On June 9, the labor sent the letter requesting clarification on why the management unilaterally decided to expand the program and demanding that the company guarantee it would not force drug sales representatives to hold small-scale product briefings.

“In the management’s reply letter that arrived after 10 days, there was only the repeated answer that ‘SAP represented the company’s continuous effort to maintain transparency and compliance,’” the labor union member said. “It didn’t contain any clarification or measures that the labor union demanded.”

The trade union requested again to the management, criticizing the management’s insincere answer. The union added in the letter that “an ability to empathize” was the only way to persuade employees about the management’s intention.

What employees are most unhappy about is the level of the SAP. Earlier, MSD Korea notified all workers that the company would apply the SAP to 5 percent of randomly selected product briefing meetings of two to 25 persons.

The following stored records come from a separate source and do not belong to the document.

(* Let $f:\mathcal{O}\to\mathcal{F}$ be a scaling map with scaling ratio $q^\lambda$, $\lambda\ge0$, and let $\tilde f:\mathcal{O}\to\mathcal{O}$, $\tilde f(x)=[f(x)]$. Then the normalized Haar measure $\mu$ on $\mathcal{O}$ is $\tilde f$-invariant, i.e. $\mu(\tilde f^{-1}(B))=\mu(B)$ for every Borel set $B\subset\mathcal{O}$.
   Context: $\mathcal{F}$ is a non-Archimedean local field with valuation ring $\mathcal{O}$, maximal ideal $\mathfrak{p}$, $q=\#\mathcal{O}/\mathfrak{p}$, normalized absolute value $|\cdot|_\mathfrak{p}$, prime element $\pi$. Fix representatives $C\subset\mathcal{O}$ of $\mathcal{O}/\mathfrak{p}$ with $0\in C$; writing $x=\sum_{n\ge v}c_n\pi^n$ ($c_n\in C$), $[x]=\sum_{n\ge0}c_n\pi^n$. A map $f:\Omega\to\mathcal{F}$ is scaling with ratio $q^\lambda$ if $|f(x)-f(y)|_\mathfrak{p}=q^\lambda|x-y|_\mathfrak{p}$ for all $x,y\in\Omega$. $\mu$ denotes Haar measure with $\mu(\mathcal{O})=1$. *)

From HB Require Import structures.
From mathcomp Require Import all_boot all_order all_algebra.
From mathcomp Require Import all_classical all_reals all_analysis.
Set Implicit Arguments. Unset Strict Implicit. Unset Printing Implicit Defensive.
Import Order.TTheory GRing.Theory Num.Theory.
Local Open Scope classical_set_scope.
Local Open Scope ring_scope.

Section LocalField.
Variables (F : fieldType) (v : F -> int) (pi : F) (C : seq F).

(* v is a (normalized, discrete) valuation on F^x; its value at 0 is
   irrelevant (never used), 0 being treated as having valuation +oo. *)
Definition O_set : set F := [set x | x = 0 \/ (0 <= v x)%R].
Definition p_set : set F := [set x | x = 0 \/ (1 <= v x)%R].
(* closed ball {x | |x - a|_p <= q^(-n)} *)
Definition vball (a : F) (n : int) : set F := [set x | x = a \/ (n <= v (x - a))%R].

(* F is a non-Archimedean local field with valuation v, prime element pi and
   set of representatives C of O/p (containing 0):
   - v is a discrete valuation, normalized with v pi = 1;
   - F is complete for the valuation topology;
   - C is a finite complete set of representatives of O/p, 0 \in C.
   (Finiteness of the residue field is expressed through the finite list C.) *)
Definition nonarch_local_field : Prop :=
  [/\ (forall x y, x != 0 -> y != 0 -> v (x * y) = v x + v y),
      (forall x y, x != 0 -> y != 0 -> x + y != 0 ->
                     (Order.min (v x) (v y) <= v (x + y))%R),
      pi != 0 /\ v pi = 1,
      (forall u : nat -> F,
         (forall m : int, exists N, forall i j, (N <= i)%N -> (N <= j)%N ->
              vball (u j) m (u i)) ->
         exists l, forall m : int, exists N, forall i, (N <= i)%N -> vball l m (u i))
    & [/\ uniq C, (0 : F) \in C, (forall c, c \in C -> O_set c),
          (forall c d, c \in C -> d \in C -> p_set (c - d) -> c = d) &
          (forall x, O_set x -> exists2 c, c \in C & p_set (x - c))]].

Definition resq : nat := size C.

Definition absp (R : realType) (x : F) : R :=
  if x == 0 then 0 else (resq%:R : R) `^ (- (v x)%:~R).

Definition scaling (R : realType) (f : F -> F) (lambda : R) : Prop :=
  forall x y, O_set x -> O_set y ->
    absp R (f x - f y) = (resq%:R : R) `^ lambda * absp R (x - y).

(* the "fractional part" sum_{v <= n < 0} c_n pi^n of x: the finite sum with
   digits in C of negative powers of pi whose difference with x lies in O *)
Definition is_negdigitsum (s : F) : Prop :=
  exists (n : nat) (c : nat -> F), (forall k, c k \in C) /\
    s = \sum_(1 <= k < n.+1) c k * pi ^- k.
Definition fracpart (x : F) : F :=
  xget 0 [set s | is_negdigitsum s /\ O_set (x - s)].
(* [x] = sum_{n >= 0} c_n pi^n  =  x - sum_{n < 0} c_n pi^n *)
Definition intpart (x : F) : F := x - fracpart x.

Definition open_O (U : set F) : Prop :=
  U `<=` O_set /\ forall x, U x -> exists n : int, vball x n `<=` U.
Definition borel_O : set (set F) := <<s O_set, open_O >>.

Definition haar_O (R : realType) (mu : set F -> \bar R) : Prop :=
  [/\ mu set0 = 0%E,
      (forall A, borel_O A -> (0 <= mu A)%E),
      (forall A : nat -> set F, (forall n, borel_O (A n)) -> trivIset setT A ->
         (fun n => \sum_(k < n) mu (A k))%E @ \oo --> mu (\bigcup_n A n)),
      (forall a B, O_set a -> borel_O B -> mu [set a + x | x in B] = mu B)
    & mu O_set = 1%E].

End LocalField.

From HB Require Import structures.
From mathcomp Require Import all_boot all_order all_algebra.
From mathcomp Require Import all_classical all_reals all_analysis.
From mathcomp Require Import ring zify.
Import Order.TTheory GRing.Theory Num.Theory.
Local Open Scope classical_set_scope.
Local Open Scope ring_scope.

(* Expand points of O in base pi with digits in C.  A ball of radius q^-k in O
   is the set of points with prescribed first k digits, so O splits into q^k
   such balls, which by translation invariance all have Haar measure q^-k.
   Since distances are integral powers of q, the ratio q^lambda of the scaling
   map forces lambda = L to be a natural number, and [.] only discards digits
   of negative index, so ftilde x - ftilde y = f x - f y whenever
   |x - y| <= q^-L.  Hence the preimage under ftilde of a ball of radius q^-n
   meets each of the q^L balls of radius q^-L in exactly one ball of radius
   q^-(n+L): it has measure q^L q^-(n+L) = q^-n.  The balls form an
   intersection-stable generator of the Borel sets of O, and the pi-lambda
   theorem extends the invariance to every Borel set. *)

Lemma g_sigma_algebra_sub (T : Type) (D : set T) (P : set (set T)) :
  (forall A, P A -> A `<=` D) -> forall X, <<s D, P >> X -> X `<=` D.
Proof.
move=> PD; apply: (@smallest_sub _ _ _ [set X | X `<=` D]) => //.
split=> //; first by move=> X _; apply: subDsetl.
by move=> X XD; apply: bigcup_sub => i _; exact: XD.
Qed.

(** * Countably additive set functions *)

Section CountablyAdditive.
Variables (R : realType) (T : Type) (D : set T) (G : set (set T)).
Variable mu : set T -> \bar R.
Hypotheses (G_sigma : sigma_algebra D G) (G_sub : forall A, G A -> A `<=` D).
Hypotheses (mu0 : mu set0 = 0%E) (mu_ge0 : forall A, G A -> (0 <= mu A)%E).
Hypothesis mu_sigma_additive : forall A : nat -> set T,
  (forall n, G (A n)) -> trivIset setT A ->
  (fun n => \sum_(k < n) mu (A k))%E @ \oo --> mu (\bigcup_n A n).

Lemma sigma_set0 : G set0. Proof. by case: G_sigma. Qed.

Lemma sigma_setT : G D.
Proof. by rewrite -(setD0 D); case: G_sigma => _ + _; apply; apply: sigma_set0. Qed.

Lemma sigma_bigcup (A : nat -> set T) : (forall n, G (A n)) -> G (\bigcup_n A n).
Proof. by case: G_sigma => _ _; apply. Qed.

Lemma sigma_setU A B : G A -> G B -> G (A `|` B).
Proof.
move=> GA GB; rewrite -bigcup2E; apply: sigma_bigcup.
by move=> [|[|n]] //=; apply: sigma_set0.
Qed.

Lemma sigma_setD A B : G A -> G B -> G (A `\` B).
Proof.
move=> GA GB; have AD := G_sub _ GA.
have -> : A `\` B = D `\` ((D `\` A) `|` B).
  apply/seteqP; split=> [x [Ax nBx]|x [Dx nx]].
    by split; [exact: AD|move=> [[]|]].
  by split; [apply: contrapT => nAx; apply: nx; left|move=> Bx; apply: nx; right].
case: G_sigma => _ GC _; apply: (GC); apply: sigma_setU => //.
exact: GC.
Qed.

Lemma measure_bigcup_ord n (A : 'I_n -> set T) : (forall i, G (A i)) ->
  (forall i j, i != j -> A i `&` A j = set0) ->
  mu (\bigcup_(i in setT) A i) = (\sum_(i < n) mu (A i))%E.
Proof.
move=> GA dA; pose A' k := if insub k is Some i then A i else set0.
have tA' : trivIset setT A'.
  move=> i j _ _; rewrite /A'.
  case: insubP => [i' _ <-|_]; last by rewrite set0I => -[].
  case: insubP => [j' _ <-|_]; last by rewrite setI0 => -[].
  by have [->//|ij] := eqVneq i' j'; rewrite dA // => -[].
have GA' k : G (A' k).
  by rewrite /A'; case: insub => [i|]; [exact: GA|exact: sigma_set0].
have -> : \bigcup_(i in setT) A i = \bigcup_k A' k.
  apply/seteqP; split=> [x [i _ Aix]|x [k _]].
    by exists (val i) => //; rewrite /A' valK.
  by rewrite /A'; case: insub => [i|] // Aix; exists i.
have partial_sums_cst : (fun m => \sum_(k < m) mu (A' k))%E @ \oo -->
    (\sum_(i < n) mu (A i))%E.
  apply: cvg_near_cst; exists n => // m /= nm.
  rewrite -(subnKC nm) big_split_ord /= [X in (_ + X)%E]big1 ?adde0.
    by apply: eq_bigr => i _; rewrite /A' /= valK.
  by move=> i _; rewrite /A' insubF ?mu0 // ltnNge leq_addr.
exact: cvg_unique _ (mu_sigma_additive _ GA' tA') partial_sums_cst.
Qed.

Lemma measure_bigcup_fin (I : finType) (A : I -> set T) : (forall i, G (A i)) ->
  (forall i j, i != j -> A i `&` A j = set0) ->
  mu (\bigcup_(i in setT) A i) = (\sum_(i : I) mu (A i))%E.
Proof.
move=> GA dA; rewrite (reindex (@enum_val I predT)) /=; last first.
  exact/onW_bij/enum_val_bij.
rewrite -(@measure_bigcup_ord _ (A \o enum_val)); first last.
- by move=> i j ij; apply: dA; apply: contra_neq ij; exact: enum_val_inj.
- by move=> i; apply: GA.
congr mu; apply/seteqP; split=> [x [i _ Aix]|x [i _ Aix]]; last by exists (enum_val i).
by exists (enum_rank i) => //=; rewrite enum_rankK.
Qed.

Lemma measureU A B : G A -> G B -> A `&` B = set0 ->
  mu (A `|` B) = (mu A + mu B)%E.
Proof.
move=> GA GB AB0; pose AB (i : 'I_2) := if val i == 0%N then A else B.
have := @measure_bigcup_ord 2 AB.
rewrite big_ord_recr big_ord_recl big_ord0 /= adde0 => <-.
- congr mu; apply/seteqP; split=> [x [Ax|Bx]|x [i _]].
  + by exists ord0.
  + by exists ord_max.
  + by rewrite /AB; case: ifP => _ ?; [left|right].
- by move=> i; rewrite /AB; case: ifP.
- move=> [[|[|i]] //= ?] [[|[|j]] //= ?] _ //.
  by rewrite setIC.
Qed.

Lemma measure_nondecreasing_cvg (A : nat -> set T) :
  nondecreasing_seq A -> (forall n, G (A n)) ->
  (fun n => mu (A n)) @ \oo --> mu (\bigcup_n A n).
Proof.
move=> ndA GA; have GD n : G (seqD A n).
  by case: n => [|n] /=; [exact: GA|exact: sigma_setD].
have partial_sums n : mu (A n) = (\sum_(k < n.+1) mu (seqD A k))%E.
  rewrite -(@measure_bigcup_ord n.+1 (fun k => seqD A k)) //.
    congr mu; rewrite -(nondecreasing_bigsetU_seqD n ndA) -bigcup_mkord.
    apply/seteqP; split=> [x [k /= kn Akx]|x [k _ Akx]]; last by exists (val k) => //=.
    by exists (Ordinal kn).
  move=> i j ij; apply/seteqP; split=> // x [Aix Ajx]; move: ij.
  have /val_inj -> := @trivIset_seqD _ _ ndA i j I I (ex_intro _ x (conj Aix Ajx)).
  by rewrite eqxx.
have := mu_sigma_additive _ GD (trivIset_seqD ndA); rewrite eq_bigcup_seqD.
by rewrite (funext partial_sums) (cvg_shiftS (fun n => \sum_(k < n) mu (seqD A k))%E).
Qed.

The SAP was expanded to meetings of two to 25 persons from five to 25 persons. Under the new SAP, salespersons and doctors participating in the meetings get a notification that an external agent will collect their conversations 45 minutes before the event.

The company said small product briefings had been mostly for two to four persons so far, the criteria of “five to 25 persons” have been irrelevant to the purpose of the compliance monitoring.

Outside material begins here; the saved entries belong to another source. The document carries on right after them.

Lemma ord_split_ind m n (P : 'I_(m + n) -> Prop) :
  (forall r, P (lshift n r)) -> (forall r, P (rshift m r)) -> forall i, P i.
Proof. by move=> Pl Pr i; rewrite -(splitK i); case: (split i). Qed.

Lemma split_lshift m n (r : 'I_m) : split (lshift n r) = inl r.
Proof. exact: (unsplitK (inl r)). Qed.

Lemma split_rshift m n (r : 'I_n) : split (rshift m r) = inr r.
Proof. exact: (unsplitK (inr r)). Qed.

Ltac simpl_split :=
  repeat progress rewrite ?mnmE ?mnmDE ?split_lshift ?split_rshift /=.

Lemma cell_lt_irr : irreflexive cell_lt.
Proof. by move=> [a b]; rewrite /cell_lt /=; lia. Qed.

Lemma cell_lt_trans : transitive cell_lt.
Proof. by move=> [a b] [c d] [e f]; rewrite /cell_lt /=; lia. Qed.

Lemma cell_le_total : total cell_le.
Proof. by move=> [a b] [c d]; rewrite /cell_le /cell_lt /= !xpair_eqE; lia. Qed.

Lemma cell_le_trans : transitive cell_le.
Proof. by move=> [a b] [c d] [e f]; rewrite /cell_le /cell_lt /= !xpair_eqE; lia. Qed.

Lemma sort_cell_lt_sorted s : uniq s -> sorted cell_lt (sort cell_le s).
Proof.
rewrite -(sort_uniq cell_le) uniq_pairwise sorted_pairwise; last exact: cell_lt_trans.
have := sort_sorted cell_le_total s; rewrite sorted_pairwise; last exact: cell_le_trans.
elim: (sort cell_le s) => //= x t IH /andP[le_x le_t] /andP[ne_x ne_t].
rewrite IH // andbT; apply/allP => y yt.
case/orP: (allP le_x y yt) => // /eqP xy.
by move: (allP ne_x y yt); rewrite /= xy eqxx.
Qed.

Lemma ferrers_uniq mu : uniq (ferrers mu).
Proof.
apply: allpairs_uniq_dep => [|a _|[a b] [c d] _ _ /= [-> ->]] //; exact: iota_uniq.
Qed.

Lemma size_ferrers mu : size (ferrers mu) = sumn mu.
Proof.
rewrite size_allpairs_dep (eq_map (fun a => size_iota 0 _)).
by rewrite map_nth_iota0 // take_size.
Qed.

Lemma size_ferrers_partition mu N : is_partition mu N -> size (ferrers mu) = N.
Proof. by case/and3P=> _ _ /eqP <-; exact: size_ferrers. Qed.

Lemma remove_cells_sort L D : remove_cells L (sort cell_le D) = remove_cells L D.
Proof. by apply: eq_filter => c; rewrite mem_sort. Qed.

Lemma shadow_up mu i j c d : c \in shadow mu i j -> d \in ferrers mu ->
  (c.1 <= d.1)%N -> (c.2 <= d.2)%N -> d \in shadow mu i j.
Proof.
rewrite !mem_filter => /andP[/andP[ic jc] _] d_mu cd1 cd2.
by rewrite d_mu (leq_trans ic cd1) (leq_trans jc cd2).
Qed.

Definition xy_mnm {N} (f : 'I_N -> cell) : 'X_{1..N + N} :=
  [multinom match split i with inl r => (f r).1 | inr r => (f r).2 end | i < N + N].

Lemma mpolyX_xy_mnm N (f : 'I_N -> cell) :
  'X_[xy_mnm f] = \prod_r (xv N r ^+ (f r).1 * yv N r ^+ (f r).2) :> QXY N.
Proof.
rewrite mpolyXE_id big_split_ord big_split /=.
by congr (_ * _); apply: eq_bigr => r _; simpl_split.
Qed.

Lemma DeltaE N L : Delta N L =
  \sum_(s : 'S_N) (-1) ^+ s *: 'X_[xy_mnm (fun r => nth (0%N, 0%N) (sort cell_le L) (s r))].
Proof.
apply: eq_bigr => s _; rewrite scaler_sign -mulr_sign mpolyX_xy_mnm.
by congr (_ * _); apply: eq_bigr => r _; rewrite mxE.
Qed.

Lemma diffop_is_linear N (P : QXY N) : linear (diffop N P).
Proof.
move=> c Q1 Q2; rewrite /diffop scaler_sumr -big_split; apply: eq_bigr => m _.
by rewrite linearP scalerDr !scalerA mulrC.
Qed.

HB.instance Definition _ N (P : QXY N) :=
  GRing.isLinear.Build rat (QXY N) (QXY N) _ (diffop N P) (@diffop_is_linear N P).

Lemma diffop_widen N (P Q : QXY N) (r : seq 'X_{1..N + N}) :
  uniq r -> {subset msupp P <= r} -> diffop N P Q = \sum_(m <- r) P@_m *: Q^`M[m].
Proof.
move=> ur sPr; rewrite [RHS](bigID (mem (msupp P))) /= [X in _ + X]big1 ?addr0; last first.
  by move=> m /memN_msupp_eq0 ->; rewrite scale0r.
rewrite -big_filter; apply/perm_big/uniq_perm; rewrite ?filter_uniq ?msupp_uniq //.
by move=> m; rewrite mem_filter andb_idr //; apply: sPr.
Qed.

Section UnitRows.

Variables (n k : nat) (tau : 'I_k -> 'I_(n + k)).
Hypothesis tau_inj : injective tau.

Definition compl_seq := [seq t <- enum 'I_(n + k) | t \notin codom tau].

Definition compl_enum (j : 'I_n) : 'I_(n + k) := nth (lshift k j) compl_seq j.

Lemma size_compl_seq : size compl_seq = n.
Proof.
have : count (fun t => t \in codom tau) (enum 'I_(n + k)) +
       count (fun t => t \notin codom tau) (enum 'I_(n + k)) = (n + k)%N.
  by rewrite -[RHS](size_enum_ord (n + k)) -(count_predC (mem (codom tau))).
rewrite size_filter.
suff -> : count (fun t => t \in codom tau) (enum 'I_(n + k)) = #|codom tau|.
  by rewrite card_codom // card_ord; lia.
rewrite -size_filter cardE.
apply/perm_size/uniq_perm => [||t]; first exact/filter_uniq/enum_uniq.
- exact: enum_uniq.
- by rewrite mem_filter !mem_enum andbT.
Qed.

Lemma compl_enum_notin j : compl_enum j \notin codom tau.
Proof.
have : compl_enum j \in compl_seq by rewrite mem_nth // size_compl_seq.
by rewrite mem_filter => /andP[].
Qed.

Lemma compl_enum_inj : injective compl_enum.
Proof.
move=> j1 j2; rewrite /compl_enum (set_nth_default (lshift k j1) (lshift k j2)) ?size_compl_seq //.
move/eqP; rewrite nth_uniq ?size_compl_seq //; first by move/eqP/val_inj.
exact/filter_uniq/enum_uniq.
Qed.

Lemma det_unit_rows (R : comRingType) (A : 'M[R]_(n + k)) :
    (forall s t, A (rshift n s) t = (t == tau s)%:R) ->
  exists b : bool, \det A = (-1) ^+ b * \det (\matrix_(r, j) A (lshift k r) (compl_enum j)).
Proof.
move=> A_tail.
pose pi (t : 'I_(n + k)) := match split t with inl j => compl_enum j | inr s => tau s end.
have pi_inj : injective pi.
  move=> t1 t2; rewrite -(splitK t1) -(splitK t2) /pi.
  case: (split t1) (split t2) => [a|a] [b|b] /=; simpl_split.
  - by move/compl_enum_inj ->.
  - by move=> E; move: (compl_enum_notin a); rewrite E codom_f.
  - by move=> E; move: (compl_enum_notin b); rewrite -E codom_f.
  - by move/tau_inj ->.
pose p : 'S_(n + k) := perm pi_inj.
pose Aur := \matrix_(r, s) A (lshift k r) (tau s).
have Ablock : col_perm p A = block_mx (\matrix_(r, j) A (lshift k r) (compl_enum j)) Aur 0 1%:M.
  apply/matrixP => r c; rewrite mxE permE /pi -(splitK r) -(splitK c).
  case: (split r) (split c) => [a|a] [b|b] /=;
    rewrite ?block_mxEul ?block_mxEur ?block_mxEdl ?block_mxEdr !mxE; simpl_split => //.
  - by rewrite A_tail; case: eqP => // E; move: (compl_enum_notin b); rewrite E codom_f.
  - by rewrite A_tail (inj_eq tau_inj) eq_sym.
exists (odd_perm (p^-1)%g); apply: (canRL (signrMK _)).
by rewrite -det_perm mulrC -det_mulmx -col_permE Ablock det_ublock det1 mulr1.
Qed.

Lemma nth_compl_enum (T : eqType) (x0 : T) (s : seq T) (D : pred T) :
    size s = (n + k)%N -> (forall t, (t \in codom tau) = D (nth x0 s t)) ->
  forall j, nth x0 s (compl_enum j) = nth x0 [seq c <- s | ~~ D c] j.
Proof.
move=> size_s tauD j.
have map_s : map (fun t : 'I_(n + k) => nth x0 s t) (enum 'I_(n + k)) = s.
  by rewrite -[RHS](mkseq_nth x0) /mkseq size_s -val_enum_ord -map_comp.
rewrite -[in RHS]map_s filter_map (@eq_filter _ _ (fun t => t \notin codom tau)) => [|t].
  by rewrite -/compl_seq (nth_map (lshift k j)) ?size_compl_seq.
by rewrite /= tauD.
Qed.

End UnitRows.

Section NewVariables.

Variables n k : nat.
Local Notation mnm := 'X_{1..(n + k) + (n + k)}.

Definition lift_var (v : 'I_(n + n)) : 'I_((n + k) + (n + k)) :=
  match split v with
  | inl r => lshift (n + k) (lshift k r)
  | inr r => rshift (n + k) (lshift k r)
  end.

Definition old_var (i : 'I_((n + k) + (n + k))) : bool :=
  match split i with inl r | inr r => if split r is inl _ then true else false end.

Definition mhead (m : mnm) : 'X_{1..n + n} := [multinom m (lift_var v) | v < n + n].

Definition mtail (m : mnm) : mnm := [multinom if old_var i then 0%N else m i | i < _].

Definition mlift (e : 'X_{1..n + n}) : mnm :=
  [multinom match split i with
            | inl r => if split r is inl r0 then e (lshift n r0) else 0%N
            | inr r => if split r is inl r0 then e (rshift n r0) else 0%N
            end | i < _].

Lemma old_varP (P : 'I_((n + k) + (n + k)) -> Prop) :
  (forall v, P (lift_var v)) -> (forall i, ~~ old_var i -> P i) -> forall i, P i.
Proof.
move=> Pold Pnew i; rewrite -(splitK i).
case: (split i) => r; rewrite -(splitK r); case: (split r) => r0 /=.
- by have := Pold (lshift n r0); rewrite /lift_var split_lshift.
- by apply: Pnew; rewrite /old_var; simpl_split.
- by have := Pold (rshift n r0); rewrite /lift_var split_rshift.
- by apply: Pnew; rewrite /old_var; simpl_split.
Qed.

Lemma old_var_lift v : old_var (lift_var v).
Proof. by rewrite /old_var /lift_var; case: (split v) => r; simpl_split. Qed.

Lemma mlift_lift_var e v : mlift e (lift_var v) = e v.
Proof.
by rewrite /lift_var -[in RHS](splitK v); case: (split v) => r; rewrite /mlift; simpl_split.
Qed.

From the perspective of drug sales reps, however, the level of monitoring under the SAP is excessive, the labor union said. For example, if two doctors and one salesperson hold a small meeting, the company notifies the monitoring 45 minutes before starting the meeting. An external monitoring agent, a stranger to the doctors and the drugmaker’s employee, will stay with them until the meeting is over.

In response to the criticism that such monitoring could breach doctors' privacy, the company said, “The monitoring program has been improved to make reports with objective indicators.”

However, officials at many other multinational pharmaceutical firms said they could not understand why MSD Korea insists on operating a more stringent monitoring program.

Korea Biomedical Review has asked PR and compliance team members at multinational drugmakers whether their companies also had internal monitoring programs similar to MSD Korea’s SAP. Most of them replied that managers or medicine division employees, not outside monitoring agents, were checking the internal compliance.

Their internal monitoring, weaker than the SAP, was enough to check whether academic meetings were held while not hurting drug salespersons’ promotion activities.

In this regard, MSD Korea’s management is not capable of understanding the workers’ circumstances, the labor union said.

According to the trade union, MSD Korea had aggressively encouraged drug sales reps to hold small meetings with physicians and reflected their performances in personnel evaluation one or two years ago.

However, the company suddenly began to regard such meetings as “opaque and illicit acts,” the union said.

Until 2018, MSD Korea had included “event performance (score 1 for lunch, 2 for dinner)” in the sales representatives’ evaluation. Although the company took out the item from 2019, the company continued to pressure salespeople to hold product briefings so that they could spend the remaining budget.

To prevent such pressure, the labor union officially requested the management to seek other alternatives.

However, the management’s reply lacked substance, the labor union said.

In the letter to the management, the labor union requested a document ensuring that the company would not force salespersons to hold a product-related explanation (PRE) meeting or a group presentation (GP) and that the company would not evaluate such meetings.

However, the management’s reply letter only said, “The company excluded the item of small meetings from the sales performance evaluation from January 2019, after the introduction of the SAP, and there has been no change in this part,” according to the labor union.